Problem: Retype the data that follows, keeping every character the same.

Material provided:
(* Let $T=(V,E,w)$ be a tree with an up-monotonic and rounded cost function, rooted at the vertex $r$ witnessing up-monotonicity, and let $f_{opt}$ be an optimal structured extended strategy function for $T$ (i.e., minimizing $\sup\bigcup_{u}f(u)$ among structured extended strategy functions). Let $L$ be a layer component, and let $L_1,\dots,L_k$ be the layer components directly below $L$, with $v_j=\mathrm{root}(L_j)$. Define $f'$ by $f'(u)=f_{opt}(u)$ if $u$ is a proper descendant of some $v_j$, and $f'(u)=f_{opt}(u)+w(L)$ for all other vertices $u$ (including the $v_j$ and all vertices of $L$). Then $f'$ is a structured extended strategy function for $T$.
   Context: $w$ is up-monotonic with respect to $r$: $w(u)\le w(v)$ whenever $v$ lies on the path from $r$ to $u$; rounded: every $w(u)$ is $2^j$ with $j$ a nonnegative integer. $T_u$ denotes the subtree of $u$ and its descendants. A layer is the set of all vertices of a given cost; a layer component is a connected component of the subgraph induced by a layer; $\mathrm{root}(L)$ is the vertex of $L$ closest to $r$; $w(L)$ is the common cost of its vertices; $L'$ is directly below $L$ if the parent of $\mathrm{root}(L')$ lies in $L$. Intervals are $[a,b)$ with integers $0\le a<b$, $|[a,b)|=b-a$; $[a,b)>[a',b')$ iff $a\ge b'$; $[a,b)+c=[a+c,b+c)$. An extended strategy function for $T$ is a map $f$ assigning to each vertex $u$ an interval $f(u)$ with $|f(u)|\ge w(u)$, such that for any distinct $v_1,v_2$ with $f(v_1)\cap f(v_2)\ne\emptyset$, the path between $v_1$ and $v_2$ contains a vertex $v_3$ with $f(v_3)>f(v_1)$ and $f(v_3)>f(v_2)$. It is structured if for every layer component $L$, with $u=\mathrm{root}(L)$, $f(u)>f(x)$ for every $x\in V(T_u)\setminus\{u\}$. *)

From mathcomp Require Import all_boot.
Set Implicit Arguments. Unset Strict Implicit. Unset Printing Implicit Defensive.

Exercise response:
(* Let $T=(V,E,w)$ be a tree with an up-monotonic and rounded cost function, rooted at the vertex $r$ witnessing up-monotonicity, and let $f_{opt}$ be an optimal structured extended strategy function for $T$ (i.e., minimizing $\sup\bigcup_{u}f(u)$ among structured extended strategy functions). Let $L$ be a layer component, and let $L_1,\dots,L_k$ be the layer components directly below $L$, with $v_j=\mathrm{root}(L_j)$. Define $f'$ by $f'(u)=f_{opt}(u)$ if $u$ is a proper descendant of some $v_j$, and $f'(u)=f_{opt}(u)+w(L)$ for all other vertices $u$ (including the $v_j$ and all vertices of $L$). Then $f'$ is a structured extended strategy function for $T$.
   Context: $w$ is up-monotonic with respect to $r$: $w(u)\le w(v)$ whenever $v$ lies on the path from $r$ to $u$; rounded: every $w(u)$ is $2^j$ with $j$ a nonnegative integer. $T_u$ denotes the subtree of $u$ and its descendants. A layer is the set of all vertices of a given cost; a layer component is a connected component of the subgraph induced by a layer; $\mathrm{root}(L)$ is the vertex of $L$ closest to $r$; $w(L)$ is the common cost of its vertices; $L'$ is directly below $L$ if the parent of $\mathrm{root}(L')$ lies in $L$. Intervals are $[a,b)$ with integers $0\le a<b$, $|[a,b)|=b-a$; $[a,b)>[a',b')$ iff $a\ge b'$; $[a,b)+c=[a+c,b+c)$. An extended strategy function for $T$ is a map $f$ assigning to each vertex $u$ an interval $f(u)$ with $|f(u)|\ge w(u)$, such that for any distinct $v_1,v_2$ with $f(v_1)\cap f(v_2)\ne\emptyset$, the path between $v_1$ and $v_2$ contains a vertex $v_3$ with $f(v_3)>f(v_1)$ and $f(v_3)>f(v_2)$. It is structured if for every layer component $L$, with $u=\mathrm{root}(L)$, $f(u)>f(x)$ for every $x\in V(T_u)\setminus\{u\}$. *)

From mathcomp Require Import all_boot.
Set Implicit Arguments. Unset Strict Implicit. Unset Printing Implicit Defensive.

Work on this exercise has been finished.